TASK BRIEF
Wherever the string "Ftot" appears in the listing, copy that line.

·····

(* A ring $R$ is strongly nil-clean if and only if $R$ is a CSNC ring and $R$ is semi-potent.
   Context: All rings are associative with identity $1$. For a ring $R$, $\mathrm{Id}(R)$, $U(R)$, $\mathrm{Nil}(R)$ denote the sets of idempotents, units and nilpotent elements, and $J(R)$ the Jacobson radical. An element $a\in R$ is clean if $a=e+u$ for some $e\in\mathrm{Id}(R)$, $u\in U(R)$. An element $a$ is strongly nil-clean if $a=e+q$ with $e\in \mathrm{Id}(R)$, $q\in\mathrm{Nil}(R)$ and $eq=qe$; the ring $R$ is strongly nil-clean if every element is strongly nil-clean. A ring $R$ is called CSNC if every clean element of $R$ is strongly nil-clean. A ring $R$ is semi-potent if every one-sided ideal of $R$ not contained in $J(R)$ contains a nonzero idempotent. *)

From mathcomp Require Import all_boot all_algebra.
Set Implicit Arguments. Unset Strict Implicit. Unset Printing Implicit Defensive.
Import GRing.Theory.
Local Open Scope ring_scope.

Section RingDefs.
Variable R : pzRingType.

Definition idem (e : R) : Prop := e * e = e.
Definition unitP (u : R) : Prop := exists v : R, u * v = 1 /\ v * u = 1.
Definition nilp (q : R) : Prop := exists n : nat, q ^+ n = 0.

Definition clean_elt (a : R) : Prop :=
  exists e u, idem e /\ unitP u /\ a = e + u.
Definition sn_clean_elt (a : R) : Prop :=
  exists e q, idem e /\ nilp q /\ a = e + q /\ e * q = q * e.

Definition strongly_nil_clean : Prop := forall a : R, sn_clean_elt a.
Definition CSNC : Prop := forall a : R, clean_elt a -> sn_clean_elt a.

Definition additive_subgroup (I : R -> Prop) : Prop :=
  I 0 /\ (forall x y, I x -> I y -> I (x - y)).
Definition left_ideal (I : R -> Prop) : Prop :=
  additive_subgroup I /\ (forall r x, I x -> I (r * x)).
Definition right_ideal (I : R -> Prop) : Prop :=
  additive_subgroup I /\ (forall r x, I x -> I (x * r)).

Definition maximal_left_ideal (M : R -> Prop) : Prop :=
  left_ideal M /\ (exists x, ~ M x) /\
  (forall N, left_ideal N -> (forall x, M x -> N x) ->
     (forall x, N x <-> M x) \/ (forall x, N x)).

Definition jacobson (x : R) : Prop :=
  forall M, maximal_left_ideal M -> M x.

Definition semi_potent : Prop :=
  forall I : R -> Prop, (left_ideal I \/ right_ideal I) ->
    ~ (forall x, I x -> jacobson x) ->
    exists e, I e /\ idem e /\ e <> 0.

End RingDefs.

(* Forward: for [x] outside [J(R)] some [1 - r x] has no left inverse, so [r x]
   (and [x r]) is not nilpotent; the idempotent of its strongly nil-clean
   decomposition is then nonzero and lies in the one-sided ideal of [x].
   Backward: in a CSNC ring every unit [u] is clean, hence [u - 1] is
   nilpotent; so [2] and [J(R)] are nil and [3] is a unit.  A nonzero system of
   2 x 2 matrix units would carry a unit of order 3 that is not unipotent;
   with semi-potency this forces [x] into [J(R)] whenever [e x = x] and
   [x e = 0] for an idempotent [e].  From this, [a - a^2] lies in [J(R)], hence
   is nilpotent, and the idempotent [a] mod [a - a^2] lifts to a commuting
   strongly nil-clean decomposition of [a]. *)

From HB Require Import structures.
From mathcomp Require Import all_boot all_algebra ring.
From mathcomp Require classical_sets.
From Stdlib Require Import Classical.
Set Implicit Arguments. Unset Strict Implicit. Unset Printing Implicit Defensive.
Import GRing.Theory.
Local Open Scope ring_scope.

Section Nilpotent.
Variable R : pzRingType.
Implicit Types x y e q u c : R.

Lemma nilpN q : nilp (- q) <-> nilp q.
Proof.
suff nilpN1 x : nilp x -> nilp (- x) by split=> /nilpN1; rewrite ?opprK.
by case=> n xn; exists n; rewrite exprNn xn mulr0.
Qed.

Lemma nilpM_comm x y : GRing.comm x y -> nilp x -> nilp (x * y).
Proof. by move=> cxy [n xn]; exists n; rewrite exprMn_comm // xn mul0r. Qed.

Lemma nilpMC x y : nilp (x * y) -> nilp (y * x).
Proof.
case=> n xyn; exists n.+1.
suff -> : (y * x) ^+ n.+1 = y * (x * y) ^+ n * x by rewrite xyn mulr0 mul0r.
elim: n {xyn} => [|n IHn]; first by rewrite expr1 expr0 mulr1.
by rewrite exprS IHn [in RHS]exprS !mulrA.
Qed.

Lemma idem_nilp_eq0 e : idem e -> nilp e -> e = 0.
Proof.
move=> ee [n en]; suff <- : e ^+ n.+1 = e by rewrite exprSr en mul0r.
by elim: n {en} => [|n IHn]; rewrite ?expr1 // exprS IHn.
Qed.

Lemma unitP_1B q : nilp q -> unitP (1 - q).
Proof.
case=> n qn; exists (\sum_(i < n) q ^+ i).
have c1q : GRing.comm (1 - q) (\sum_(i < n) q ^+ i).
  by apply: commr_sum => i _; apply/commrX/commr_sym/commrB; [apply: commr1|].
have qgeom : (1 - q) * \sum_(i < n) q ^+ i = 1.
  by apply: oppr_inj; rewrite -mulNr opprB -subrX1 qn sub0r.
by split; rewrite -?c1q.
Qed.

Lemma unitP_1D q : nilp q -> unitP (1 + q).
Proof. by rewrite -nilpN => /unitP_1B; rewrite opprK. Qed.

Lemma nilp_unitMl u c : unitP u -> GRing.comm u c -> nilp (u * c) -> nilp c.
Proof.
move=> [v [uv vu]] cuc [n ucn]; exists n.
have cvu : GRing.comm v u by rewrite /GRing.comm uv vu.
by rewrite -[c ^+ n]mul1r -(expr1n _ n) -vu exprMn_comm // -mulrA -exprMn_comm // ucn mulr0.
Qed.

(* [y e = e y = (1 + q) e] and [1 + q] is a unit. *)
Lemma sn_clean_idem_factor y e q : idem e -> nilp q -> y = e + q -> e * q = q * e ->
  (exists v, e = v * y) /\ (exists w, e = y * w).
Proof.
move=> ee nq -> ceq; have [u [qu uq]] := unitP_1D nq.
have ey : e * (e + q) = (1 + q) * e by rewrite mulrDr ee ceq mulrDl mul1r.
have ye : (e + q) * e = e * (1 + q) by rewrite mulrDl ee -ceq mulrDr mulr1.
split; [exists (u * e) | exists (e * u)].
  by rewrite -mulrA ey mulrA uq mul1r.
by rewrite mulrA ye -mulrA qu mulr1.
Qed.

End Nilpotent.

Section Ideals.
Variable R : pzRingType.
Implicit Types (x y r m : R) (I M N : R -> Prop).

Lemma additive_subgroupD I x y : additive_subgroup I -> I x -> I y -> I (x + y).
Proof.
by case=> I0 IB Ix Iy; rewrite -[y]opprK -[- y]sub0r; apply/IB/IB.
Qed.

Lemma maximal_left_ideal_1 M : maximal_left_ideal M -> ~ M 1.
Proof. by case=> [[_ MM] [[z Mz] _]] M1; apply: Mz; rewrite -[z]mulr1; apply: MM. Qed.

Lemma maximal_left_ideal_comax M x : maximal_left_ideal M -> ~ M x ->
  exists m r, M m /\ 1 = m + r * x.
Proof.
move=> [[[M0 MB] MM] [_ Mmax]] Mx.
pose N z := exists m r, M m /\ z = m + r * x.
have idN : left_ideal N.
  split; first split.
  - by exists 0, 0; rewrite mul0r addr0.
  - move=> _ _ [m1 [r1 [Mm1 ->]]] [m2 [r2 [Mm2 ->]]].
    by exists (m1 - m2), (r1 - r2); rewrite mulrBl opprD addrACA; split=> //; apply: MB.
  - move=> t _ [m [r [Mm ->]]]; exists (t * m), (t * r).
    by rewrite mulrDr mulrA; split=> //; apply: MM.
have MN z : M z -> N z by exists z, 0; rewrite mul0r addr0.
case: (Mmax N idN MN) => [NM | N1]; last by have [m [r]] := N1 1; exists m, r.
by case: Mx; apply/NM; exists 0, 1; rewrite mul1r add0r.
Qed.

Section Krull.
Variable N : R -> Prop.
Hypotheses (idN : left_ideal N) (N1 : ~ N 1).

Let proper_over I := left_ideal I /\ (forall x, N x -> I x) /\ ~ I 1.
Let zorn_pred (I : classical_sets.set R) := proper_over I \/ (forall x, ~ I x).

(* The empty set is allowed so that the union of the empty chain qualifies. *)
Let zorn_pred_bigcup (F : classical_sets.set (classical_sets.set R)) :
  (forall I, F I -> zorn_pred I) -> classical_sets.total_on F classical_sets.subset ->
  zorn_pred (classical_sets.bigcup F (fun I => I)).
Proof.
move=> FP Ftot.
have [[z [I0 [FI0 I0z]]] | empty] := classic (exists z I, F I /\ I z); last first.
  by right=> z [I FI Iz]; apply: empty; exists z, I.
have proper_of I x : F I -> I x -> proper_over I.
  by move=> FI Ix; case: (FP I FI) => // /(_ x).
have [_ [NI0 _]] := proper_of _ _ FI0 I0z.
left; split; first split; first split.
- by exists I0 => //; apply/NI0; case: idN => [[]].
- move=> x y [Ix FIx Ixx] [Iy FIy Iyy].
  have [sub | sub] := Ftot _ _ FIx FIy.
    have [[[_ IB] _] _] := proper_of _ _ FIy Iyy.
    by exists Iy => //; apply: IB => //; apply: sub.
  have [[[_ IB] _] _] := proper_of _ _ FIx Ixx.
  by exists Ix => //; apply: IB => //; apply: sub.
- move=> r x [I FI Ix]; have [[_ IM] _] := proper_of _ _ FI Ix.
  by exists I => //; apply: IM.
split; first by move=> x Nx; exists I0 => //; apply: NI0.
by move=> [I FI I1]; have [_ [_]] := proper_of _ _ FI I1.
Qed.

Lemma proper_left_ideal_maximal :
  exists M, maximal_left_ideal M /\ (forall x, N x -> M x).
Proof.
have [M [PM Mmax]] := classical_sets.Zorn_bigcup zorn_pred_bigcup.
have [[idM [NM M1]] | M0] := PM; last first.
  exfalso; apply: (Mmax N); last by left.
  split=> [x /M0 // | NM]; apply: (M0 0); apply: NM; by case: idN => [[]].
exists M; split=> //; split=> //; split; first by exists 1.
move=> I [[I0 IB] IM] MI; have [I1 | I1] := classic (I 1).
  by right=> z; rewrite -[z]mulr1; apply: IM.
left=> x; split=> [Ix | /MI //]; apply: NNPP => Mx; apply: (Mmax I).
  by split=> // IM'; apply/Mx/IM'.
by left; split=> //; split=> // z /NM; apply: MI.
Qed.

·····

EXERCISE RESULT
move=> FP Ftot.
  have [sub | sub] := Ftot _ _ FIx FIy.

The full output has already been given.